(Records to use)
◆ ◆ ◆

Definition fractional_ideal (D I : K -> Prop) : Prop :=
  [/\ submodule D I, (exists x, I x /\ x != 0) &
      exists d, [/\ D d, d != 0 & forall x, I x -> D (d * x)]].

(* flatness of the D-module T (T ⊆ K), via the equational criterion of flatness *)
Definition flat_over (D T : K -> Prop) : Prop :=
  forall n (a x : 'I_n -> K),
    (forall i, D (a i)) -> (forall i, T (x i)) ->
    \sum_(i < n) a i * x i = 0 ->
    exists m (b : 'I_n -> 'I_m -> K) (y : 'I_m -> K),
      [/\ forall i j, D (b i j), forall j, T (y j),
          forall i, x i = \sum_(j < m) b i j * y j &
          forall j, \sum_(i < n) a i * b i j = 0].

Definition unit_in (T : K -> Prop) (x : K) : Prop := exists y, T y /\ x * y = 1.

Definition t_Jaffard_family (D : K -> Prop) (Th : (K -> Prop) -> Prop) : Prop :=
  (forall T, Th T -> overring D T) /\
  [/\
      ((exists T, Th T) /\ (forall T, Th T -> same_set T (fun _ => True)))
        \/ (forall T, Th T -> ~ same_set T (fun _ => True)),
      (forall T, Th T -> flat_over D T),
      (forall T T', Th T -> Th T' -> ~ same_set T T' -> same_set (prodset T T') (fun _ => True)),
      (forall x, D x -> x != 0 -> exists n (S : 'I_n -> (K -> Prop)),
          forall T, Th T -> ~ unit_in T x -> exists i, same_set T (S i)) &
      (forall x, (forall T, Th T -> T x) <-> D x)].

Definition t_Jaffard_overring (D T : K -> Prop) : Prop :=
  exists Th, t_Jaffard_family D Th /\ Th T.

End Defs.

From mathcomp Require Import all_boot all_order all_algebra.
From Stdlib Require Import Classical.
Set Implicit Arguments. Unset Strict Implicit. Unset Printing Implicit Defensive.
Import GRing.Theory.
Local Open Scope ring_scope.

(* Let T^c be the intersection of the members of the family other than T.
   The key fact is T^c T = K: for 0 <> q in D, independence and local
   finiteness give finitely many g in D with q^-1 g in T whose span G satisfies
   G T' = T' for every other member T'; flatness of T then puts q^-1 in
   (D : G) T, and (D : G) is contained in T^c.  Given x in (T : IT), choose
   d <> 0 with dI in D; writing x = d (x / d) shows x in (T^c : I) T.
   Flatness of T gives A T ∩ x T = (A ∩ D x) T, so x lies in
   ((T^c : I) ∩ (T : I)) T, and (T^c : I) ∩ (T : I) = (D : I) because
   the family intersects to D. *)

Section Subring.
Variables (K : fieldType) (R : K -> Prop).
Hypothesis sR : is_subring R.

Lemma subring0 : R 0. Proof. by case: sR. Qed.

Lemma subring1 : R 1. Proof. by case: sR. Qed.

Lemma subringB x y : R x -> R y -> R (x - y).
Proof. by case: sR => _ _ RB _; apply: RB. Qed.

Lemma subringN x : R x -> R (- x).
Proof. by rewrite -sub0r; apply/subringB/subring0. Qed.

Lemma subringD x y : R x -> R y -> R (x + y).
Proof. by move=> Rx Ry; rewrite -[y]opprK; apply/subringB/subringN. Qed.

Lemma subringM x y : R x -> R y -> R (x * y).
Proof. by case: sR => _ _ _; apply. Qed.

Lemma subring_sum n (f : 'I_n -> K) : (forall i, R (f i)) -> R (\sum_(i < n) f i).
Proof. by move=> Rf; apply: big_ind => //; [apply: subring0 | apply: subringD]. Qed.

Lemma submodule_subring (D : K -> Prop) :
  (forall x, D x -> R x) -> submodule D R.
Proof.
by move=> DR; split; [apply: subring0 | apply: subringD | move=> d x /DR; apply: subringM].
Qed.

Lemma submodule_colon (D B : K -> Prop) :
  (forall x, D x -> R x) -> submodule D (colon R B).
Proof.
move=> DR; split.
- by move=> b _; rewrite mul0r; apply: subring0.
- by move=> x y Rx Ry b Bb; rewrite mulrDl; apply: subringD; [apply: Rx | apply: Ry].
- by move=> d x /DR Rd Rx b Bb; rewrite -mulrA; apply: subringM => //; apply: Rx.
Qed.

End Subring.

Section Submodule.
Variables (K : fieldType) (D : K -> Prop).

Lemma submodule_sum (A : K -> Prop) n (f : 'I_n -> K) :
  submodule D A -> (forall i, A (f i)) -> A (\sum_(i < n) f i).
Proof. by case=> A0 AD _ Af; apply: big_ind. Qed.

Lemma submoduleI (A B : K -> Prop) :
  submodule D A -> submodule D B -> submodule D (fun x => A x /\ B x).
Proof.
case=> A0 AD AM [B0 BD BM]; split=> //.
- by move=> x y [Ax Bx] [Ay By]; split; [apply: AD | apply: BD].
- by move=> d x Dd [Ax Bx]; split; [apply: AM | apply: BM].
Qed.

◆ ◆ ◆

(Work item) The reply should consist solely of the lines above from the one that has "((T^c : I) ∩ (T : I))" through the one that has "Lemma subring_sum n", reproduced exactly.

(Response to this exercise)
   ((T^c : I) ∩ (T : I)) T, and (T^c : I) ∩ (T : I) = (D : I) because
   the family intersects to D. *)

Section Subring.
Variables (K : fieldType) (R : K -> Prop).
Hypothesis sR : is_subring R.

Lemma subring0 : R 0. Proof. by case: sR. Qed.

Lemma subring1 : R 1. Proof. by case: sR. Qed.

Lemma subringB x y : R x -> R y -> R (x - y).
Proof. by case: sR => _ _ RB _; apply: RB. Qed.

Lemma subringN x : R x -> R (- x).
Proof. by rewrite -sub0r; apply/subringB/subring0. Qed.

Lemma subringD x y : R x -> R y -> R (x + y).
Proof. by move=> Rx Ry; rewrite -[y]opprK; apply/subringB/subringN. Qed.

Lemma subringM x y : R x -> R y -> R (x * y).
Proof. by case: sR => _ _ _; apply. Qed.

Lemma subring_sum n (f : 'I_n -> K) : (forall i, R (f i)) -> R (\sum_(i < n) f i).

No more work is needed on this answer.